Harlem did not see a change until after 9/11, the entrance of Bill Clinton into Harlem, and a sizeable population discovering that it was a nice place to live. Clinton, business and white people came to Harlem, and now Harlem is being restored to its old self. What Black people did not have the courage to do for them, white people are doing for them. White people are showing Black people how to be Black again.

                Somewhere from the heart of the two great rivers running under that stretch of land, the souls of the Harlem cried out and said, remember me, remember my greatness, remember who I am. The soul of Harlem, that soul that lives on forever and passes from generation to generation has found its spiritual voice and the Harlem of all the yester years is coming alive. The voices of its writers, singers, poets, artist, prayers, the voice of the people who have shed tears and blood in its cement gardens cry out to be heard. The sounds are different. They may be mixed with Caribbean, African, Asian, and Haitian; there are some of the old souls from the southern parts of the country who refused to move out of this exciting neighborhood.

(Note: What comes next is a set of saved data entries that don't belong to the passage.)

Lemma sum_f_R0_spread2 (f : nat -> R) (K : nat) :
  sum_f_R0 (spread2 f) K = sum_f_R0 f (Nat.div2 K).
Proof.
  induction K as [|K IHK]; [reflexivity|].
  simpl sum_f_R0 at 1. rewrite IHK. unfold spread2.
  destruct (Nat.Even_or_Odd K) as [[j ->] | [j ->]].
  - replace (S (2 * j)) with (2 * j + 1)%nat by lia.
    rewrite Nat.even_odd, Nat.div2_odd', Nat.div2_double. ring.
  - replace (S (2 * j + 1)) with (2 * S j)%nat by lia.
    rewrite Nat.even_even, Nat.div2_odd', Nat.div2_double. reflexivity.
Qed.

Lemma is_series_spread2 (f : nat -> R) (l : R) :
  is_series f l -> is_series (spread2 f) l.
Proof.
  intro Hf. apply (filterlim_ext (fun K => sum_n f (Nat.div2 K))).
  - intro K. rewrite !sum_n_Reals. symmetry. apply sum_f_R0_spread2.
  - apply (filterlim_comp _ _ _ Nat.div2 (sum_n f) eventually eventually _); [|exact Hf].
    intros P [N HN]. exists (2 * N)%nat. intros n Hn.
    apply HN, Nat.div2_le_lower_bound. lia.
Qed.

Lemma pow2_INR_le_two_pow (j : nat) : INR j ^ 2 <= 2 * 2 ^ j.
Proof.
  induction j as [|j IHj]; [simpl; lra|].
  destruct (Nat.le_gt_cases 3 j) as [Hj | Hj].
  - apply le_INR in Hj. rewrite S_INR. simpl pow in *. simpl INR in Hj. nra.
  - destruct j as [|[|[|]]]; simpl; try lra. lia.
Qed.

Lemma even_double_div2 (i : nat) : Nat.even i = true -> i = (2 * Nat.div2 i)%nat.
Proof.
  intro He. pose proof (Nat.div2_odd i) as Hi.
  rewrite <- Nat.negb_even, He in Hi. simpl in Hi. lia.
Qed.

Definition node (mu : R) (k : nat) : R := INR k + 2 * mu * theta k.

Lemma gamma_mu_double (mu : R) (j : nat) :
  gamma_mu mu (2 * j) = 2 ^ (2 * j) * INR (Factorial.fact j) * gamma_ratio mu j.
Proof. unfold gamma_mu. now rewrite Nat.div2_double, Nat.even_even. Qed.

Lemma gamma_mu_double_S (mu : R) (j : nat) :
  gamma_mu mu (2 * j + 1) = 2 ^ (2 * j + 1) * INR (Factorial.fact j) * gamma_ratio mu (S j).
Proof. unfold gamma_mu. now rewrite Nat.div2_odd', Nat.even_odd. Qed.

Lemma theta_double (j : nat) : theta (2 * j) = 0.
Proof. unfold theta. now rewrite Nat.even_even. Qed.

Lemma theta_double_S (j : nat) : theta (2 * j + 1) = 1.
Proof. unfold theta. now rewrite Nat.even_odd. Qed.

Lemma poch_pos (a : R) (m : nat) : 0 < a -> 0 < poch a m.
Proof.
  intro Ha. induction m as [|m IHm]; simpl; [lra|].
  pose proof (pos_INR m). apply Rmult_lt_0_compat; lra.
Qed.

Lemma gamma_mu_pos (mu : R) (k : nat) : - / 2 < mu -> 0 < gamma_mu mu k.
Proof.
  intro hmu. assert (Hfact : forall j, 0 < INR (Factorial.fact j))
    by (intro j; apply lt_0_INR, Factorial.lt_O_fact).
  unfold gamma_ratio in *.
  destruct (Nat.Even_or_Odd k) as [[j ->] | [j ->]];
    [rewrite gamma_mu_double | rewrite gamma_mu_double_S];
    repeat apply Rmult_lt_0_compat; auto;
    first [apply pow_lt; lra | apply poch_pos; lra | pose proof (pos_INR j); lra].
Qed.

Lemma gamma_mu_0 (mu : R) : gamma_mu mu 0 = 1.
Proof. unfold gamma_mu, gamma_ratio. simpl. ring. Qed.

Lemma gamma_mu_S (mu : R) (k : nat) :
  gamma_mu mu (S k) = node mu (S k) * gamma_mu mu k.
Proof.
  unfold node. destruct (Nat.Even_or_Odd k) as [[j ->] | [j ->]].
  - replace (S (2 * j)) with (2 * j + 1)%nat by lia.
    rewrite gamma_mu_double_S, gamma_mu_double, theta_double_S.
    unfold gamma_ratio. simpl poch. rewrite pow_add, plus_INR, mult_INR. simpl INR. field.
  - replace (S (2 * j + 1)) with (2 * S j)%nat by lia.
    rewrite gamma_mu_double, gamma_mu_double_S, theta_double. unfold gamma_ratio.
    replace (2 * S j)%nat with (S (S (2 * j))) by lia.
    replace (2 * j + 1)%nat with (S (2 * j)) by lia.
    change (Factorial.fact (S j)) with (S j * Factorial.fact j)%nat.
    simpl pow. simpl poch. rewrite !mult_INR, !S_INR, mult_INR. simpl INR. ring.
Qed.

Lemma node_0 (mu : R) : node mu 0 = 0.
Proof. unfold node, theta. simpl. ring. Qed.

Lemma INR_le_node (mu : R) (k : nat) : 0 <= mu -> INR k <= node mu k.
Proof. intro hmu. unfold node, theta. destruct (Nat.even k); lra. Qed.

Lemma node_S_le (mu : R) (k : nat) : 0 <= mu -> node mu (S k) <= node mu k + 1 + 2 * mu.
Proof.
  intro hmu. unfold node, theta. rewrite S_INR, Nat.even_succ, <- Nat.negb_even.
  destruct (Nat.even k); simpl; lra.
Qed.

Lemma node_add_even (mu : R) (i k : nat) :
  Nat.even i = true -> (i <= k)%nat -> node mu k = node mu (k - i) + INR i.
Proof.
  intros Hi Hik. unfold node.
  replace (theta k) with (theta (k - i)).
  - replace k with (k - i + i)%nat at 1 by lia. rewrite plus_INR. ring.
  - unfold theta. rewrite (even_double_div2 i Hi) in Hik |- *.
    replace k with (k - 2 * Nat.div2 i + 2 * Nat.div2 i)%nat at 2 by lia.
    now rewrite Nat.even_add_mul_2.
Qed.

Lemma fact_le_gamma_mu (mu : R) (k : nat) : 0 <= mu -> INR (Factorial.fact k) <= gamma_mu mu k.
Proof.
  intro hmu. induction k as [|k IHk]; [rewrite gamma_mu_0; simpl; lra|].
  rewrite gamma_mu_S. change (Factorial.fact (S k)) with (S k * Factorial.fact k)%nat.
  rewrite mult_INR. apply Rmult_le_compat; auto using pos_INR, INR_le_node.
Qed.

Definition e_term (mu y : R) (m : nat) : R := y ^ m / gamma_mu mu m.

Section EMu.

Variables mu y : R.
Hypothesis hmu : 0 <= mu.
Hypothesis hy : 0 <= y.

Lemma e_term_nonneg (m : nat) : 0 <= e_term mu y m.
Proof.
  apply Rdiv_le_0_compat; [now apply pow_le | apply gamma_mu_pos; lra].
Qed.

Lemma is_series_e_mu : is_series (e_term mu y) (e_mu mu y).
Proof.
  apply Series_correct.
  apply (ex_series_le_nonneg _ (fun m => y ^ m / INR (Factorial.fact m))).
  - intro m. split; [apply e_term_nonneg|].
    apply Rmult_le_compat_l; [now apply pow_le|].
    apply Rinv_le_contravar; [apply lt_0_INR, Factorial.lt_O_fact | now apply fact_le_gamma_mu].
  - exists (exp y). apply is_series_exp.
Qed.

Lemma e_mu_ge_1 : 1 <= e_mu mu y.
Proof.
  replace 1 with (e_term mu y 0) by (unfold e_term; rewrite gamma_mu_0; simpl; field).
  exact (is_series_ge_first _ _ e_term_nonneg is_series_e_mu).
Qed.

Lemma e_term_S_node (m : nat) : e_term mu y (S m) * node mu (S m) = y * e_term mu y m.
Proof.
  unfold e_term. rewrite gamma_mu_S.
  pose proof (gamma_mu_pos mu m ltac:(lra)).
  pose proof (INR_le_node mu (S m) hmu). pose proof (lt_0_INR (S m) ltac:(lia)).
  simpl pow. field. lra.
Qed.

Lemma is_series_e_term_node :
  is_series (fun m => e_term mu y m * node mu m) (y * e_mu mu y).
Proof.
  apply is_series_decr_1. rewrite node_0.
  change (is_series (fun k => e_term mu y (S k) * node mu (S k))
            (y * e_mu mu y - e_term mu y 0 * 0)).
  rewrite Rmult_0_r, Rminus_0_r.
  apply (is_series_ext (fun k => y * e_term mu y k)).
  - intro k. symmetry. apply e_term_S_node.
  - apply is_series_scal_l_R, is_series_e_mu.
Qed.

(** [e_term (S m) * node (S m)^2 = y * e_term m * node (S m)], and [node] grows by at most
    [1 + 2 mu] per step. *)
Lemma is_series_e_term_node_sq :
  exists2 s : R, is_series (fun m => e_term mu y m * node mu m ^ 2) s
           & s <= y * (y * e_mu mu y + (1 + 2 * mu) * e_mu mu y).
Proof.
  destruct (is_series_le_nonneg (fun k => e_term mu y (S k) * node mu (S k) ^ 2)
              (fun k => y * (e_term mu y k * node mu k + (1 + 2 * mu) * e_term mu y k))
              (y * (y * e_mu mu y + (1 + 2 * mu) * e_mu mu y))) as [s Hs Hsle].
  - intro k. split; [apply Rmult_le_pos; [apply e_term_nonneg | apply pow2_ge_0]|].
    replace (e_term mu y (S k) * node mu (S k) ^ 2) with (y * e_term mu y k * node mu (S k))
      by (rewrite <- e_term_S_node; ring).
    pose proof (node_S_le mu k hmu). pose proof (e_term_nonneg k).
    rewrite Rmult_assoc. apply Rmult_le_compat_l; [exact hy | nra].
  - apply is_series_scal_l_R, is_series_plus_R;
      [apply is_series_e_term_node | apply is_series_scal_l_R, is_series_e_mu].
  - exists s; [|exact Hsle]. apply is_series_decr_1. rewrite node_0.
    change (is_series (fun k => e_term mu y (S k) * node mu (S k) ^ 2)
              (s - e_term mu y 0 * 0 ^ 2)).
    now rewrite pow_i, Rmult_0_r, Rminus_0_r by lia.
Qed.

Lemma is_series_e_term_central_moment :
  exists2 s : R, is_series (fun m => e_term mu y m * (node mu m - y) ^ 2) s
           & s <= (1 + 2 * mu) * y * e_mu mu y.
Proof.
  destruct is_series_e_term_node_sq as [s2 Hs2 Hs2le].
  exists (s2 - 2 * y * (y * e_mu mu y) + y ^ 2 * e_mu mu y); [|nra].
  apply (is_series_ext_R (fun m => (e_term mu y m * node mu m ^ 2
            + - (2 * y) * (e_term mu y m * node mu m)) + y ^ 2 * e_term mu y m)).
  - intro m. ring.
  - replace (s2 - 2 * y * (y * e_mu mu y) + y ^ 2 * e_mu mu y)
      with (s2 + - (2 * y) * (y * e_mu mu y) + y ^ 2 * e_mu mu y) by ring.
    apply is_series_plus_R; [apply is_series_plus_R|]; auto using is_series_scal_l_R,
      is_series_e_term_node, is_series_e_mu.
Qed.

End EMu.

Definition exp_sq_term (alpha x : R) : nat -> R :=
  spread2 (fun j => (alpha * x ^ 2) ^ j / INR (Factorial.fact j)).

Section ExpSq.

There are some that were so financially secure, that there housing reflected their financial elegance, and the saw no reason to move. There were the secret millionaires who maintained the quiet dignity, which they had worked for or inherited. There were the churches, which continued to hold the traditional services with the same dignity and grace that is accepted by the folks who know.

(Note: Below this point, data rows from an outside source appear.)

Lemma length_sum_list {A} (l : list A) : INR (length l) = sum_list (map (fun _ => 1) l).
Proof. induction l; simpl length; [simpl; lra | rewrite S_INR; simpl; rewrite IHl; lra]. Qed.

Lemma sum_list_coord_range f n :
  sum_list (map f (coord_range n)) = zsum f (- Z.of_nat n)%Z (2 * n + 1).
Proof.
  assert (H : forall s len, sum_list (map f (map (fun i => (Z.of_nat i - Z.of_nat n)%Z)
                (seq s len))) = zsum f (Z.of_nat s - Z.of_nat n)%Z len).
  { intros s len; revert s; induction len as [|len IH]; intros s; simpl; auto.
    rewrite IH. replace (Z.of_nat s - Z.of_nat n + 1)%Z with (Z.of_nat (S s) - Z.of_nat n)%Z by lia.
    reflexivity. }
  unfold coord_range; apply H.
Qed.

Definition disk_sum (n : nat) (F : Z -> Z -> R) : R :=
  zsum (fun a => zsum (fun b =>
     if Z.leb (a * a + b * b) (Z.of_nat n * Z.of_nat n) then F a b else 0)
   (- Z.of_nat n)%Z (2 * n + 1)) (- Z.of_nat n)%Z (2 * n + 1).

Lemma sum_list_disk_points f n :
  sum_list (map f (disk_points n)) = disk_sum n (fun a b => f (a, b)).
Proof.
  unfold disk_points, disk_sum.
  rewrite sum_list_filter, sum_list_prod, sum_list_coord_range.
  apply zsum_ext; intros i _. apply sum_list_coord_range.
Qed.

Lemma disk_sum_ext n F G : (forall a b, F a b = G a b) -> disk_sum n F = disk_sum n G.
Proof.
  intros H; unfold disk_sum. apply zsum_ext; intros i _. apply zsum_ext; intros j _.
  rewrite H; auto.
Qed.

Lemma disk_sum_add n F G : disk_sum n (fun a b => F a b + G a b) = disk_sum n F + disk_sum n G.
Proof.
  unfold disk_sum. rewrite <- zsum_add. apply zsum_ext; intros i _.
  rewrite <- zsum_add. apply zsum_ext; intros j _. destruct Z.leb; lra.
Qed.

Lemma disk_sum_scal n c F : disk_sum n (fun a b => c * F a b) = c * disk_sum n F.
Proof.
  unfold disk_sum. rewrite <- zsum_scal. apply zsum_ext; intros i _.
  rewrite <- zsum_scal. apply zsum_ext; intros j _. destruct Z.leb; lra.
Qed.

Lemma disk_sum_swap n F : disk_sum n F = disk_sum n (fun a b => F b a).
Proof.
  unfold disk_sum. rewrite zsum_swap. apply zsum_ext; intros i _. apply zsum_ext; intros j _.
  rewrite (Z.add_comm (j * j)). reflexivity.
Qed.

Lemma distE_horizontal x1 x2 y : distE (x1, y) (x2, y) = Rabs (IZR x1 - IZR x2).
Proof.
  unfold distE; cbn [fst snd]. rewrite <- sqrt_Rsqr_abs. f_equal. unfold Rsqr. ring.
Qed.

Lemma distE_vertical x y1 y2 : distE (x, y1) (x, y2) = Rabs (IZR y1 - IZR y2).
Proof.
  unfold distE; cbn [fst snd]. rewrite <- sqrt_Rsqr_abs. f_equal. unfold Rsqr. ring.
Qed.

Lemma Rabs_eq_or_opp u v : u = v \/ u = - v -> Rabs u = Rabs v.
Proof. intros [-> | ->]; [reflexivity | apply Rabs_Ropp]. Qed.

Lemma orbit_length_formula a b :
  orbit_length (a, b) =
  2 * (Rabs (2 * IZR a - IZR b) + Rabs (IZR a + IZR b) + Rabs (IZR a - 2 * IZR b)).
Proof.
  unfold orbit_length, orbit_path, closed_length; cbn [fst snd app open_length].
  rewrite !distE_horizontal, !distE_vertical, ?plus_IZR, ?opp_IZR, ?minus_IZR.
  repeat match goal with |- context [Rabs ?e] =>
    lazymatch e with
    | 2 * IZR a - IZR b => fail | IZR a + IZR b => fail | IZR a - 2 * IZR b => fail
    | _ => first [ rewrite (Rabs_eq_or_opp e (2 * IZR a - IZR b)) by (left + right; ring)
                 | rewrite (Rabs_eq_or_opp e (IZR a + IZR b)) by (left + right; ring)
                 | rewrite (Rabs_eq_or_opp e (IZR a - 2 * IZR b)) by (left + right; ring) ]
    end end.
  ring.
Qed.

Definition chord (N t : R) : R := sqrt (N * N - t * t).

Definition zchord (n : nat) (k : Z) : Z := Z.sqrt (Z.of_nat n * Z.of_nat n - k * k).

Lemma disk_sum_columns n (F : Z -> Z -> R) :
  disk_sum n F = zsum (fun k => zsum (F k) (- zchord n k)%Z (2 * Z.to_nat (zchord n k) + 1))
                      (- Z.of_nat n)%Z (2 * n + 1).
Proof.
  unfold disk_sum. apply zsum_ext. intros k Hk. unfold zchord.
  set (m := (Z.of_nat n * Z.of_nat n - k * k)%Z).
  assert (Hm : (0 <= m)%Z) by (unfold m; nia).
  pose proof (Z.sqrt_spec m Hm) as Hs. cbv zeta in Hs.
  pose proof (Z.sqrt_nonneg m) as Hh0.
  set (h := Z.sqrt m) in *. unfold m in Hs. clearbody h.
  assert (Hh : (0 <= h <= Z.of_nat n)%Z) by nia.
  replace (2 * n + 1)%nat with ((n - Z.to_nat h) + ((2 * Z.to_nat h + 1) + (n - Z.to_nat h)))%nat
    by lia.
  assert (Hout : forall i, (i < - h \/ h < i)%Z ->
    (if Z.leb (k * k + i * i) (Z.of_nat n * Z.of_nat n) then F k i else 0) = 0).
  { intros i Hi. destruct (Z.leb_spec (k * k + i * i) (Z.of_nat n * Z.of_nat n)); auto.
    exfalso; destruct Hi as [Hi | Hi].
    - assert ((h + 1) * (h + 1) <= i * i)%Z by nia. lia.
    - assert ((h + 1) * (h + 1) <= i * i)%Z by nia. lia. }
  rewrite zsum_cat, zsum_cat, (zsum_zero _ (- Z.of_nat n)%Z), (zsum_zero _ (_ + _ + _)%Z)
    by (intros i Hi; apply Hout; lia).
  replace (- Z.of_nat n + Z.of_nat (n - Z.to_nat h))%Z with (- h)%Z by lia.
  rewrite Rplus_0_l, Rplus_0_r. apply zsum_ext. intros i Hi.
  destruct (Z.leb_spec (k * k + i * i) (Z.of_nat n * Z.of_nat n)); [reflexivity | nia].
Qed.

There are the multimillion dollar brown stones that have been passed down from generation. The insides of these homes of elegance will never be viewed in the media. These homes are the secrets of the silent majority. These are the holders of the traditions and the richness of this community. The 21st century has ushered in a new period, in this Harlem.

With the slow death of racism, developers are quickly moving in to cash in on this gem between the rivers. Buildings are being planned with views over the gateway to the United States. Someone discovered that racism is not worth billion of dollars. Someone is discovering that Harlem is on the Island of Manhattan and the Island of Manhattan is the financial capital of the world. Someone has discovered that this multi-cultured country is represented in this small but exciting piece of real estate. Harlem is today, as it has always been an interracial, international home to all who love her. As a daughter proud to share her history, I celebrate that Harlem is the place of my birth.

I remember my days as a public school teacher working in the Harlem and Washington Heights areas, it was exciting because I was teaching in the land of my birth and I knew the culture and feel of the community. I was born in Spanish Harlem, so I know the feel of the Puerto Rican community. I grew up in central Harlem and went to public school and church in that area, so I was familiar with what went in Harlem and what did not.

I taught for many years in Harlem and Washington Heights, so the very proud people of the Dominican Republic community were part of my knowledge base. There were many times when I would come across children acting up in the school environment, when all I had to say to bring back into their own awareness was, “Black people do not behave that way.” The statement, “ Dominican children do not act that way,” was enough to pass an eye meet of knowledge and understanding and an immediate behavior change into their family value system. Families expected the very best from their children and when you reminded the child of family expectations they quickly lived out those expectations. Today when some people see our children acting “right” they are accused of acting “white.” A Black or Latino parent would never permit a child to be rude or disrespectful especially not in public. You seldom see Black or Latino children screaming in temper tantrums on a Department store floor that is called “white kid stuff.” Having high expectations for children inspires them to live up to those expectations.